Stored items
____

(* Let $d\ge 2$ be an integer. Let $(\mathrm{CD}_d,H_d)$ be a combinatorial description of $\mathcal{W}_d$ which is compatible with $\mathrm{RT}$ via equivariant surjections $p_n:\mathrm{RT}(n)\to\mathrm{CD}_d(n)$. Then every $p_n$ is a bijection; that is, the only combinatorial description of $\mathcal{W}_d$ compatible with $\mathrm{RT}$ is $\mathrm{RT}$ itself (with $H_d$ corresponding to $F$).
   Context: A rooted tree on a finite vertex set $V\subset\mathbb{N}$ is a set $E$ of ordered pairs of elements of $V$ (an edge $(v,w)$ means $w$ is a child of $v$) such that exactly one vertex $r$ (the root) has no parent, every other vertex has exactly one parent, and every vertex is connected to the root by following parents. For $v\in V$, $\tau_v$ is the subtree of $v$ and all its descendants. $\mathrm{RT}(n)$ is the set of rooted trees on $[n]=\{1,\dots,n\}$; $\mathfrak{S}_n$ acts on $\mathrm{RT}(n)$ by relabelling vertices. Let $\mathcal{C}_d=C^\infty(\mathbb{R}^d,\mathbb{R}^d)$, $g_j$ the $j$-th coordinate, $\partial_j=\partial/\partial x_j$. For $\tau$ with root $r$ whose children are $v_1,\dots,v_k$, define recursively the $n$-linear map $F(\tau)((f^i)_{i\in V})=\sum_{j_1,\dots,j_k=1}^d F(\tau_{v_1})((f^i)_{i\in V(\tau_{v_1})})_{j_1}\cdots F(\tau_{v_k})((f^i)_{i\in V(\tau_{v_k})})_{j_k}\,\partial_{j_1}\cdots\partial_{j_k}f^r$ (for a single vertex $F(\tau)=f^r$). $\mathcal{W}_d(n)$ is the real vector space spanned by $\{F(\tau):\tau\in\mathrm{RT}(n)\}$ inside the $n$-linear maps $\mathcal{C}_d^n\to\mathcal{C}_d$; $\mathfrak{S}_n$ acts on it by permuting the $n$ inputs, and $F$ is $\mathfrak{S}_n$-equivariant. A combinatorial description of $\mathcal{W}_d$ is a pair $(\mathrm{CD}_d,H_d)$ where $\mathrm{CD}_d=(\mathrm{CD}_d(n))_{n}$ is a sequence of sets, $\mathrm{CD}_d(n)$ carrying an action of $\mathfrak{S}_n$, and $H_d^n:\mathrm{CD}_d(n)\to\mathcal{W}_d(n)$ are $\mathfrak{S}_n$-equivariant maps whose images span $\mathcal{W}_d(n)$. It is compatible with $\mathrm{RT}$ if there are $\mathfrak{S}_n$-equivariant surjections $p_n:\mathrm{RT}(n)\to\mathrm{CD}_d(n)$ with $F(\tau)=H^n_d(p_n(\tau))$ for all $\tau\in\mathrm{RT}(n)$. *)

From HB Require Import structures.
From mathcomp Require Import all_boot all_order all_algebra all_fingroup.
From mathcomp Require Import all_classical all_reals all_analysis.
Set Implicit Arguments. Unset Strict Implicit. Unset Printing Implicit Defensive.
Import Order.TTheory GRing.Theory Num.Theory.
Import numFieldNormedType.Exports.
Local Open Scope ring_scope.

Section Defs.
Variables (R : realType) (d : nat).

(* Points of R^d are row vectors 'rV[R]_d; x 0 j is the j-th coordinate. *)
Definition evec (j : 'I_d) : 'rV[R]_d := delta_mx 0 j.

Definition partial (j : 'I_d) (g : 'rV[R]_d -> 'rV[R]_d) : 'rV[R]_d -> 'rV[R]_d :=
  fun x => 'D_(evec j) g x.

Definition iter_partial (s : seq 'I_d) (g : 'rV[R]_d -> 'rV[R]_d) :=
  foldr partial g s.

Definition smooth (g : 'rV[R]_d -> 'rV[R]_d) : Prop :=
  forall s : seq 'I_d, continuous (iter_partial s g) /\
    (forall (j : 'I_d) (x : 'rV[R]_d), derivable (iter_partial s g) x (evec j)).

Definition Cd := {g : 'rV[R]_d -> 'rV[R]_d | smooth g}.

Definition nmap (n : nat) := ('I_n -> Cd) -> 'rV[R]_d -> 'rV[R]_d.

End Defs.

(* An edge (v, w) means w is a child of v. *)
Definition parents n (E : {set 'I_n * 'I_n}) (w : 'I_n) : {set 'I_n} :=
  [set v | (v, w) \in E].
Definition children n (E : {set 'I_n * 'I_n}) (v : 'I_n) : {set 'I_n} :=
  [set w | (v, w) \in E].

____

Having found the line with "fun x => 'D_(evec j) g x.", transcribe it and each line after it to the end of the entries, with no other lines.

#### SOLVED EXERCISE:
  fun x => 'D_(evec j) g x.

Definition iter_partial (s : seq 'I_d) (g : 'rV[R]_d -> 'rV[R]_d) :=
  foldr partial g s.

Definition smooth (g : 'rV[R]_d -> 'rV[R]_d) : Prop :=
  forall s : seq 'I_d, continuous (iter_partial s g) /\
    (forall (j : 'I_d) (x : 'rV[R]_d), derivable (iter_partial s g) x (evec j)).

Definition Cd := {g : 'rV[R]_d -> 'rV[R]_d | smooth g}.

Definition nmap (n : nat) := ('I_n -> Cd) -> 'rV[R]_d -> 'rV[R]_d.

End Defs.

(* An edge (v, w) means w is a child of v. *)
Definition parents n (E : {set 'I_n * 'I_n}) (w : 'I_n) : {set 'I_n} :=
  [set v | (v, w) \in E].
Definition children n (E : {set 'I_n * 'I_n}) (v : 'I_n) : {set 'I_n} :=
  [set w | (v, w) \in E].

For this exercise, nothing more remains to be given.